Collected data:
---

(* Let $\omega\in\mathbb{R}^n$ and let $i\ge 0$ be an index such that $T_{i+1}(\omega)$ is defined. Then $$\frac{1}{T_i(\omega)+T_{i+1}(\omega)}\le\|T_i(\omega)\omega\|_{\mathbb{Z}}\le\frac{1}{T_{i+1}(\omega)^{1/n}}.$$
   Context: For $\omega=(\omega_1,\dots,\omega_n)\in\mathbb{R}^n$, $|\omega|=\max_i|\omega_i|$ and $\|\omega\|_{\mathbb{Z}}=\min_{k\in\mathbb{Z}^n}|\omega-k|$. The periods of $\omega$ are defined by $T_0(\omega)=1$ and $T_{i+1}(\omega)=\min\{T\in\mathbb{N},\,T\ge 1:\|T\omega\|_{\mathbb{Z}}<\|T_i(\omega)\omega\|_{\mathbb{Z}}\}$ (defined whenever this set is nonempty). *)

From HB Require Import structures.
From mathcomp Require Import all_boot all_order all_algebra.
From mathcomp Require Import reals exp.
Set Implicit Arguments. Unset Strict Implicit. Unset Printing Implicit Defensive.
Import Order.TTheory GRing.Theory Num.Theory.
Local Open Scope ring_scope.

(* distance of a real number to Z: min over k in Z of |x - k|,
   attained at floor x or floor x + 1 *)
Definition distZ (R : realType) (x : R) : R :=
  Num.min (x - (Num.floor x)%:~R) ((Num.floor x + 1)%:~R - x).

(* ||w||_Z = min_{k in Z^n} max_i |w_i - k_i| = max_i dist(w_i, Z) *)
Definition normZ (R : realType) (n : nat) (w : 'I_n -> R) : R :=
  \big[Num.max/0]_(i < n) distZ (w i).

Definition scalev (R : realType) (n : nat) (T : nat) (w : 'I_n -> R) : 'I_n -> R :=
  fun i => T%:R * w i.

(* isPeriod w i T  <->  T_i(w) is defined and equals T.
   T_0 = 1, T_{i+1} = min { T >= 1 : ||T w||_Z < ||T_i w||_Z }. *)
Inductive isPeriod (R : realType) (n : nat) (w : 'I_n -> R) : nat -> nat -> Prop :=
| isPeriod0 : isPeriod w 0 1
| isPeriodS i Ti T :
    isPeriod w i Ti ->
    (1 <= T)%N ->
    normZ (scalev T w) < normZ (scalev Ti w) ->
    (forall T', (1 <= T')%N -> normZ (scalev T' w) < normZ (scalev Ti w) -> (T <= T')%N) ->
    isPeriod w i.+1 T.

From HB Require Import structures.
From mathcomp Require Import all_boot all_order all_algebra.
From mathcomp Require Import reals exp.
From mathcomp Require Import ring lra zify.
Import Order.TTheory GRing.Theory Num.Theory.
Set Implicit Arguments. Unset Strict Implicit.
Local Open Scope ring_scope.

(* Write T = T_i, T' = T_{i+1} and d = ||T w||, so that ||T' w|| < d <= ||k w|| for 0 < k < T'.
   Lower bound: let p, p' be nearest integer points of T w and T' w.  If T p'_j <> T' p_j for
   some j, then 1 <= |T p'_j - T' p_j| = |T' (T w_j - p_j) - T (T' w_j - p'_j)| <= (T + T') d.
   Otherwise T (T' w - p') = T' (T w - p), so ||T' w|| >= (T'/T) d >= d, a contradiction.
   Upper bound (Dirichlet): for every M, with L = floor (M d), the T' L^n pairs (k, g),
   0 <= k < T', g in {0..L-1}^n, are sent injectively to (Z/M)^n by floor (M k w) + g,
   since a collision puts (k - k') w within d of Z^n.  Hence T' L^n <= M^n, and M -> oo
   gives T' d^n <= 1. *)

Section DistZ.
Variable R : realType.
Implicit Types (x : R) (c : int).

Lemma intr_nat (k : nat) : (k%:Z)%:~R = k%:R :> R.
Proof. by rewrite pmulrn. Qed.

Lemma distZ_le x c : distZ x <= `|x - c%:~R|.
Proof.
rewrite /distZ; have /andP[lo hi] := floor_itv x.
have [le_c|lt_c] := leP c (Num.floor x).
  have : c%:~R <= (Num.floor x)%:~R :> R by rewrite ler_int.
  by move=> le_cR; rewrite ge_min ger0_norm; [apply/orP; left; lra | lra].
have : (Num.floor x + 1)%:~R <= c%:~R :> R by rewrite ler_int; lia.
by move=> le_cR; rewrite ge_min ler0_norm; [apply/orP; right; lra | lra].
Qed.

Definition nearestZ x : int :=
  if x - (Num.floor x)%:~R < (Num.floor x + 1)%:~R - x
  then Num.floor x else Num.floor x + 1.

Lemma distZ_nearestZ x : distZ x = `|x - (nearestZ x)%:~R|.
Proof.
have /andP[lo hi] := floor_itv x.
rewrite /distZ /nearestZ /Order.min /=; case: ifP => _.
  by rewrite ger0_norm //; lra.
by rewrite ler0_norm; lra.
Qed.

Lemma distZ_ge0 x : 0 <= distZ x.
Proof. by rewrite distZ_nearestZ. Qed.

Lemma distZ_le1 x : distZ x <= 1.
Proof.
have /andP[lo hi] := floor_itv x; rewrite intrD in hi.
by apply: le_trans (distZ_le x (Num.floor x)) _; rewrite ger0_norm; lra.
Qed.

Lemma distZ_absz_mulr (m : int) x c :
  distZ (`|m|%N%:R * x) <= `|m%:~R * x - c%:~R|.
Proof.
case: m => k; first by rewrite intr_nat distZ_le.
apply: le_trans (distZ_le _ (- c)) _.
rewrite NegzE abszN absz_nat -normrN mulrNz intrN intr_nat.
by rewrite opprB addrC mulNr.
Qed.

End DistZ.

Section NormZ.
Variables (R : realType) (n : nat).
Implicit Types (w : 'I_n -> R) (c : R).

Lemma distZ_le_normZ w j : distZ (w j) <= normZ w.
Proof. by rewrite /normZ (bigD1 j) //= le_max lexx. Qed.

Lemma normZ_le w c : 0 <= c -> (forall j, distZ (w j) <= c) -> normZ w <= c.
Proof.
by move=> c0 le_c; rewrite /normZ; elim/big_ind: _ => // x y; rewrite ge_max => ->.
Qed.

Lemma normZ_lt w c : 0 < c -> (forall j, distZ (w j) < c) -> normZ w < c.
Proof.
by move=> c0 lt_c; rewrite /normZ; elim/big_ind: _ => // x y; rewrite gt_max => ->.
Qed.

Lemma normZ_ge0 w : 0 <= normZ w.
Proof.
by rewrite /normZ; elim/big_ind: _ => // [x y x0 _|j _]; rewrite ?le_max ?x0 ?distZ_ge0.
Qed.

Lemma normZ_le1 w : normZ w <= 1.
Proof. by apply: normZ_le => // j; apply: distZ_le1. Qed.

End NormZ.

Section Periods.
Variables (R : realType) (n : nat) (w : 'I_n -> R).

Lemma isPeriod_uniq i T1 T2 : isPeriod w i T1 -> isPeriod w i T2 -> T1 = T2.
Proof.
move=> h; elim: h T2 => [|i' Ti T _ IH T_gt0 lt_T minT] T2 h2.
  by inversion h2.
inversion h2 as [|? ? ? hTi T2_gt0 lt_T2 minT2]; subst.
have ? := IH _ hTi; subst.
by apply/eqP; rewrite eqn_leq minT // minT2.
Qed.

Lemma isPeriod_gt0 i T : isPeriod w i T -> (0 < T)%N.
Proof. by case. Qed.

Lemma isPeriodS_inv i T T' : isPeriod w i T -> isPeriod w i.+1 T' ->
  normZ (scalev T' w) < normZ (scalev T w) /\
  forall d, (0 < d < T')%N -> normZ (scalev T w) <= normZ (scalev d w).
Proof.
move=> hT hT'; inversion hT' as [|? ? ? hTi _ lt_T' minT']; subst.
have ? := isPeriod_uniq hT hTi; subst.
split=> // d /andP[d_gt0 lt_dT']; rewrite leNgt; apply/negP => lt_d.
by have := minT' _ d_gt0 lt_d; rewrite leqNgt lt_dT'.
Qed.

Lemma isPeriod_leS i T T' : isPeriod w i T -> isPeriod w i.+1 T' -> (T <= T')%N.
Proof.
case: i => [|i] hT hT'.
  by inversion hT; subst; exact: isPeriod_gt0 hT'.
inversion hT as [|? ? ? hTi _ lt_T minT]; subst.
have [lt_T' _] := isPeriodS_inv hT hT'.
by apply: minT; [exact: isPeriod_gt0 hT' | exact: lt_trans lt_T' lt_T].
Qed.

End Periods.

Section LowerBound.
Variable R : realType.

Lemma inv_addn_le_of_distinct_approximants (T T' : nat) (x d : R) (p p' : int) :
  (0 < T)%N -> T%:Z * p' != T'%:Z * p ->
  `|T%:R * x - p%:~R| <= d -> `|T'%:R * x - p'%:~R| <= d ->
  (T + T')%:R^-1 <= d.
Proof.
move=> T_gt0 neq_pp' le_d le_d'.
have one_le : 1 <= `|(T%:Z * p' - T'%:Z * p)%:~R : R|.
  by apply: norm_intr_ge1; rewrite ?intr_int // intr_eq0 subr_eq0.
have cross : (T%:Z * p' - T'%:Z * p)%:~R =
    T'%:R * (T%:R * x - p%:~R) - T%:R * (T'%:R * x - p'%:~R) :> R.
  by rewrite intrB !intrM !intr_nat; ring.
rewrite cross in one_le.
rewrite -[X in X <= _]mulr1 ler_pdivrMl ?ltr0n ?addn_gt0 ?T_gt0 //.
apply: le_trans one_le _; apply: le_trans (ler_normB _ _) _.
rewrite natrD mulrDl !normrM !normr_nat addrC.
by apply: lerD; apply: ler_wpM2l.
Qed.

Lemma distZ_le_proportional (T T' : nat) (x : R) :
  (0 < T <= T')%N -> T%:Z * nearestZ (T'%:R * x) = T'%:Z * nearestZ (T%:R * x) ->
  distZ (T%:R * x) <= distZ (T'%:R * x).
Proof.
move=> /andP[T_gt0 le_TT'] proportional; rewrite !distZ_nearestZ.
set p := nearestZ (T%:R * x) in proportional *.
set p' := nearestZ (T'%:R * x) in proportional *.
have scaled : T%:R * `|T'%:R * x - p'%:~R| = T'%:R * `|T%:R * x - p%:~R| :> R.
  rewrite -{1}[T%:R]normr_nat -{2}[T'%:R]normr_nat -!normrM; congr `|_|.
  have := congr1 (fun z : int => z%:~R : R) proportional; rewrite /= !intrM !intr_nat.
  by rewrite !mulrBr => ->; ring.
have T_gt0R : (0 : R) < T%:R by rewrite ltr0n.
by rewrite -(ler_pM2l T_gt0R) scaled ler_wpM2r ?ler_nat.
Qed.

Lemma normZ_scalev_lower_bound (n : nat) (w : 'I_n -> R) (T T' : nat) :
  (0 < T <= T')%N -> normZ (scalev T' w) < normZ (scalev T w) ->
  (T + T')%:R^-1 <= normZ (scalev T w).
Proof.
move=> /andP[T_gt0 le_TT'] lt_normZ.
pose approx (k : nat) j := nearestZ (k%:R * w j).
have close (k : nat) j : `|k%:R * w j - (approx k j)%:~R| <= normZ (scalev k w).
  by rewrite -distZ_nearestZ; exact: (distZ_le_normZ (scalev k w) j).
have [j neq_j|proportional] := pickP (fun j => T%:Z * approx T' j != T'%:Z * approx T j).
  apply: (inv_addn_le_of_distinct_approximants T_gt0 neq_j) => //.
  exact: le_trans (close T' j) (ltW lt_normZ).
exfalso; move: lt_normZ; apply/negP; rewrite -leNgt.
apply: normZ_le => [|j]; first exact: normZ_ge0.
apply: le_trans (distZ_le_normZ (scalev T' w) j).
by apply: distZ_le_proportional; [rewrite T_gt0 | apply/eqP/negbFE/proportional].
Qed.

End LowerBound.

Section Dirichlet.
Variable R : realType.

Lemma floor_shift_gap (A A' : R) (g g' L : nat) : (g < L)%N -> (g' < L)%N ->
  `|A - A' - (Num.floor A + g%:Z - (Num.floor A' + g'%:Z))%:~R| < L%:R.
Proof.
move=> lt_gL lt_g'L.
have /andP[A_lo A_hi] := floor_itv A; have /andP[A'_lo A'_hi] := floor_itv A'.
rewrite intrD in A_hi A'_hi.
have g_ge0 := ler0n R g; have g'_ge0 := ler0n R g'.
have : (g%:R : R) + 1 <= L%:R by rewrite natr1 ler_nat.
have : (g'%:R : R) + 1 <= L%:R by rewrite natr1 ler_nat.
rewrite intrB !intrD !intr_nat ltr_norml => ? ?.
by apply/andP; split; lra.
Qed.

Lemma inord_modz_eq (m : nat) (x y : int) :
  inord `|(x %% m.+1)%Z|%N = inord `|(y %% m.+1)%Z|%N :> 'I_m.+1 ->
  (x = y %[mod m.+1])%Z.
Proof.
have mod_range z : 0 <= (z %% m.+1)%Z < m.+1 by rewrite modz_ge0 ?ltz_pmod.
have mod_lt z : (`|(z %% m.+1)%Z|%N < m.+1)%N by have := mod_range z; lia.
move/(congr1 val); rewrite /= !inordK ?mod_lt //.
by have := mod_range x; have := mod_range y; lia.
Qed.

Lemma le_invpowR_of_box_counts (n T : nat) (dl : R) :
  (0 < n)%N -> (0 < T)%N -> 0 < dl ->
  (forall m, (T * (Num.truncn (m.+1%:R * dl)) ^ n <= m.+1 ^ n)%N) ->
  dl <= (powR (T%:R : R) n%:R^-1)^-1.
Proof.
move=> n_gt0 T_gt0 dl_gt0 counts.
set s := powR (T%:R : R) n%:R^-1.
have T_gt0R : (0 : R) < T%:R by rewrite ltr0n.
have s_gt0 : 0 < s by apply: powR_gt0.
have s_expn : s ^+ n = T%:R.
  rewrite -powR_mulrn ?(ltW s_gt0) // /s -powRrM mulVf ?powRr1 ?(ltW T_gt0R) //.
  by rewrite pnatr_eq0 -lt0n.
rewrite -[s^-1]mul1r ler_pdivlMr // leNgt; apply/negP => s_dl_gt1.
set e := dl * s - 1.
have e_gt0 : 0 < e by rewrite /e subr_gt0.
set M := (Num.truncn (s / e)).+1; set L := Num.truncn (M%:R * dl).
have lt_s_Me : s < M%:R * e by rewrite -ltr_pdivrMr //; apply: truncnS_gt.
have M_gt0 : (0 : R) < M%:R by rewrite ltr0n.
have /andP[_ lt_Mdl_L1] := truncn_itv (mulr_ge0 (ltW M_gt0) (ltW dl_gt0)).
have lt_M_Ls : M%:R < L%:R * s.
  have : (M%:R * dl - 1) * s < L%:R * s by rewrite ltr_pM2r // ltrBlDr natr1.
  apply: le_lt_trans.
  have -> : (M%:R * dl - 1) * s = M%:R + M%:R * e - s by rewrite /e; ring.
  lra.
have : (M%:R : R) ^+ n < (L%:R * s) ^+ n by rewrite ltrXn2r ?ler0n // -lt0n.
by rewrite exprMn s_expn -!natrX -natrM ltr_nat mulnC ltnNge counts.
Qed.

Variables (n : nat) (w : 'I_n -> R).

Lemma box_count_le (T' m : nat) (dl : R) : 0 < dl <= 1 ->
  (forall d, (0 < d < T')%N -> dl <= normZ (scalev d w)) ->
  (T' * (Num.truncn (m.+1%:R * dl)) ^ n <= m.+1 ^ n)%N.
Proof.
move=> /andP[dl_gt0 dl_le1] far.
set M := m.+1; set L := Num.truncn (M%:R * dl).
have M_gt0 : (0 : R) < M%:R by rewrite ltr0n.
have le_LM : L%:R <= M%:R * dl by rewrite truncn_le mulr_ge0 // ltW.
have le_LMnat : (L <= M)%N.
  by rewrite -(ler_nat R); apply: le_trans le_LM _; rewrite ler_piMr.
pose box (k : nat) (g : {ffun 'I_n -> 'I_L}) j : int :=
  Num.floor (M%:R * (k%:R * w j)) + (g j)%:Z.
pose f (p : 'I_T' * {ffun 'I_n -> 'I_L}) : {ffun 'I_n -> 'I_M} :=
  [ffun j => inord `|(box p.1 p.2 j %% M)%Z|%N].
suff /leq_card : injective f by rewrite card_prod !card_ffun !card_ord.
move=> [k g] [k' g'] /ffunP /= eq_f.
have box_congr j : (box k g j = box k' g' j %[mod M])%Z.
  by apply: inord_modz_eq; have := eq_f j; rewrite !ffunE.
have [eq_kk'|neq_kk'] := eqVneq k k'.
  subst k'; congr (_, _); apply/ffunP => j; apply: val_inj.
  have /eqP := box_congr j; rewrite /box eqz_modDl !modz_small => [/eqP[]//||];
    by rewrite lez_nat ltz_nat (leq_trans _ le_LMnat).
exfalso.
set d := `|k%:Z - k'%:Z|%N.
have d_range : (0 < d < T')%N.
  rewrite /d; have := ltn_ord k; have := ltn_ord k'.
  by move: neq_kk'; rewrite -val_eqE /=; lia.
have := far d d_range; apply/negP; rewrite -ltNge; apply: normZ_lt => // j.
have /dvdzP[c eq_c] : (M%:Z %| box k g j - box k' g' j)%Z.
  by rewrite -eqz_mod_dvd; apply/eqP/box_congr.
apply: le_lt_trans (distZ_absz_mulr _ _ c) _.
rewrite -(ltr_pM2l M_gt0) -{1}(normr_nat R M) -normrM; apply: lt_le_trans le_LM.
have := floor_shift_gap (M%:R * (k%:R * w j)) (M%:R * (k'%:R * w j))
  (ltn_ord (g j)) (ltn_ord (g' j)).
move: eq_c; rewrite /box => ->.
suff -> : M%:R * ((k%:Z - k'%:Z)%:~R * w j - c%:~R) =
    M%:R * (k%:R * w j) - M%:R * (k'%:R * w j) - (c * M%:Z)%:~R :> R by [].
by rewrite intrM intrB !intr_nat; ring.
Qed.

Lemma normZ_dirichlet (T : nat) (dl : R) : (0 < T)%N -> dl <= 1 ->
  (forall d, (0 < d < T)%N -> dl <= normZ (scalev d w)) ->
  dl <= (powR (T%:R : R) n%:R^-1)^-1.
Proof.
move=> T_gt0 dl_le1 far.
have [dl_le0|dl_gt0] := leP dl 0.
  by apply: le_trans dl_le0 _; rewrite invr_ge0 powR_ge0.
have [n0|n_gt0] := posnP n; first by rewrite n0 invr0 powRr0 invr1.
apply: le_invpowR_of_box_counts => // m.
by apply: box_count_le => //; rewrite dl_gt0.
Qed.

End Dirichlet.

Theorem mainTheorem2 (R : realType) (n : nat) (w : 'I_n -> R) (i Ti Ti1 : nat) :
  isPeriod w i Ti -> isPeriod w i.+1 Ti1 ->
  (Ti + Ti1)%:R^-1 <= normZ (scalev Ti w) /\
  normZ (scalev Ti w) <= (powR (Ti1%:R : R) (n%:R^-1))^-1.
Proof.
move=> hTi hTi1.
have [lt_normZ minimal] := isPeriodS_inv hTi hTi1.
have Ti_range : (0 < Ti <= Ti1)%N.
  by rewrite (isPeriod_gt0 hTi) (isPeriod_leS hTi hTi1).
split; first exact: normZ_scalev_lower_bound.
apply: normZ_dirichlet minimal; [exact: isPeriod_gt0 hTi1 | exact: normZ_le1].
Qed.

---

• [Work task] Respond with a number only, please: how many lines in this data include the word "intrB".

• [Answer to the exercise] 3